Along South Carolina’s coast, North Myrtle Beach, Garden City, and Edisto Island all reported ocean water flowing over sand dunes and spilling onto beachfront streets Wednesday evening. In Charleston, storm surge from Idalia topped the seawall that protects the downtown, sending ankle-deep ocean water into the streets and neighborhoods where horse-drawn carriages pass million-dollar homes and the famous open-air market.

Preliminary data showed the Wednesday evening high tide reached just over 9.2 feet, more than 3 feet above normal and the fifth-highest reading in Charleston Harbor since records were first kept in 1899.

Florida had feared the worst while still recovering from last year’s Hurricane Ian, which hit the heavily populated Fort Myers area, leaving 149 dead in the state.

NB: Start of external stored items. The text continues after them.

(* Fix $\alpha\in(0,1)$. Let $u\in C([-1,1])$ be monotone. Then for every $\varepsilon>0$ there exists an $\alpha$-power piecewise linear function $g$ such that $|u(x)-g(x)|\le\varepsilon$ for all $x\in[-1,1]$.
   Context: A piecewise linear (PL) function is a continuous function $g:\mathbb{R}\to\mathbb{R}$ which is affine on each of finitely many intervals partitioning $\mathbb{R}$ (separated by finitely many breakpoints). A PL function $g$ is called $\alpha$-power PL if there is a constant $c\in\mathbb{R}$ such that the slope of every linear piece of $g$ lies in $\{c\alpha^k: k\in\mathbb{Z}\}$. *)

From Stdlib Require Import Reals Lra List Sorted.
Open Scope R_scope.

(* The i-th closed piece (i = 0 .. length bs) determined by the increasing
   breakpoint list bs = [b_0; ...; b_{n-1}]:
   piece 0 = (-oo, b_0], piece i = [b_{i-1}, b_i], piece n = [b_{n-1}, +oo). *)
Definition in_piece (bs : list R) (i : nat) (x : R) : Prop :=
  (i = 0%nat \/ nth (i - 1) bs 0 <= x) /\
  (i = length bs \/ x <= nth i bs 0).

Definition PL_with_slopes (S : R -> Prop) (g : R -> R) : Prop :=
  continuity g /\
  exists bs : list R,
    StronglySorted Rlt bs /\
    forall i : nat, (i <= length bs)%nat ->
      exists a b : R, S a /\ forall x, in_piece bs i x -> g x = a * x + b.

Definition is_PL (g : R -> R) : Prop := PL_with_slopes (fun _ => True) g.

Definition alpha_power_PL (alpha : R) (g : R -> R) : Prop :=
  exists c : R, PL_with_slopes (fun a => exists k : Z, a = c * powerRZ alpha k) g.

Definition monotone_on (u : R -> R) (a b : R) : Prop :=
  (forall x y, a <= x -> x <= y -> y <= b -> u x <= u y) \/
  (forall x y, a <= x -> x <= y -> y <= b -> u y <= u x).

Definition continuous_on_interval (u : R -> R) (a b : R) : Prop :=
  forall x, a <= x <= b ->
    forall eps, 0 < eps -> exists delta, 0 < delta /\
      forall y, a <= y <= b -> Rabs (y - x) < delta -> Rabs (u y - u x) < eps.

(* On a uniform grid of mesh h, raise the target values [u x_j] by a tilt
   [c (x_j - a)], so that every increment lies strictly between [s1 h] and
   [s2 h] for a tiny slope [s1 = alpha^k] and a huge one [s2 = alpha^-m].
   Each increment is then realised exactly by a two-piece path (slope [s2],
   then slope [s1]), which stays monotone inside its cell; hence the error is
   at most the oscillation of [u] on a cell plus the tilt.  Decreasing [u] is
   reduced to the increasing case by negation. *)

From Stdlib Require Import Reals Lra List Sorted Lia.
Open Scope R_scope.
Import ListNotations.

Definition affine_pieces (P : R -> Prop) (g : R -> R) (bs : list R) : Prop :=
  forall i : nat, (i <= length bs)%nat ->
    exists a b : R, P a /\ forall x, in_piece bs i x -> g x = a * x + b.

(* [g] up to [t], continued affinely with slope [a] after [t]. *)
Definition glue (g : R -> R) (t a : R) : R -> R :=
  fun x => g (Rmin x t) + a * (Rmax x t - t).

Lemma continuity_pt_1_lipschitz (f : R -> R) x :
  (forall y, Rabs (f y - f x) <= Rabs (y - x)) -> continuity_pt f x.
Proof.
  intros Hf eps Heps; exists eps; split; [lra|].
  intros y [_ Hy]; simpl in *; unfold R_dist in *.
  specialize (Hf y); lra.
Qed.

Lemma Rmin_1_lipschitz t x y : Rabs (Rmin y t - Rmin x t) <= Rabs (y - x).
Proof.
  unfold Rmin; destruct (Rle_dec y t), (Rle_dec x t);
    unfold Rabs; repeat destruct Rcase_abs; lra.
Qed.

Lemma Rmax_1_lipschitz t x y : Rabs (Rmax y t - Rmax x t) <= Rabs (y - x).
Proof.
  unfold Rmax; destruct (Rle_dec y t), (Rle_dec x t);
    unfold Rabs; repeat destruct Rcase_abs; lra.
Qed.

Lemma continuity_glue g t a : continuity g -> continuity (glue g t a).
Proof.
  intros Hg x; unfold glue.
  apply continuity_pt_plus.
  - apply (continuity_pt_comp (fun y => Rmin y t) g); [|apply Hg].
    apply continuity_pt_1_lipschitz; intros; apply Rmin_1_lipschitz.
  - apply continuity_pt_scal, continuity_pt_minus.
    + apply continuity_pt_1_lipschitz; intros; apply Rmax_1_lipschitz.
    + apply continuity_pt_const; intros ? ?; reflexivity.
Qed.

Lemma StronglySorted_snoc (bs : list R) t :
  StronglySorted Rlt bs -> (forall z, In z bs -> z < t) ->
  StronglySorted Rlt (bs ++ [t]).
Proof.
  induction bs as [|z bs IH]; intros Hs Hz; simpl.
  - repeat constructor.
  - inversion Hs; subst; constructor.
    + apply IH; auto; intros; apply Hz; simpl; auto.
    + apply Forall_app; split; auto.
      constructor; [apply Hz; simpl; auto | constructor].
Qed.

Unlike that storm, Idalia blew into a very lightly inhabited area known as Florida’s “nature coast,” one of the state’s most rural regions that lies far from crowded metropolises or busy tourist areas and features millions of acres of undeveloped land.

That doesn’t mean that it didn’t do major damage. Rushing water covered streets near the coast, unmoored small boats and nearly a half-million customers in Florida and Georgia lost power. In Perry, the wind blew out store windows, tore siding off buildings and overturned a gas station canopy. Heavy rains partially flooded Interstate 275 in Tampa, and wind toppled power lines onto the northbound side of Interstate 75 just south of Valdosta, Georgia.

Less than 20 miles south of where Idalia made landfall, businesses, boat docks and homes in Steinhatchee, Florida, were swallowed up by water surging in from Deadman’s Bay. Police officers blocked traffic into the coastal community of more than 500 residents known for fishing and foresting industries.

State officials, 5,500 National Guard members and rescue crews were in search-and-recovery mode, inspecting bridges, clearing toppled trees and looking for anyone in distress.

Because of the remoteness of the Big Bend area, search teams may need more time to complete their work compared with past hurricanes in more urban areas, said Kevin Guthrie, director of the Florida Department of Emergency Management.

“You may have two houses on a 5-mile road so it’s going to take some time,” Guthrie said.

The National Weather Service in Tallahassee called Idalia “an unprecedented event” because no major hurricanes on record have ever passed through the bay abutting the Big Bend.

On the island of Cedar Key, downed trees and debris blocked roads, and propane tanks exploded.

RJ Wright stayed behind so he could check on elderly neighbors. He hunkered down with friends in a motel and when it was safe, walked outside into chest-high water. It could have been a lot worse for the island, which juts into the Gulf, since it didn’t take a direct hit, he said.

“It got pretty gnarly for a while, but it was nothing compared to some of the other storms,” Wright said.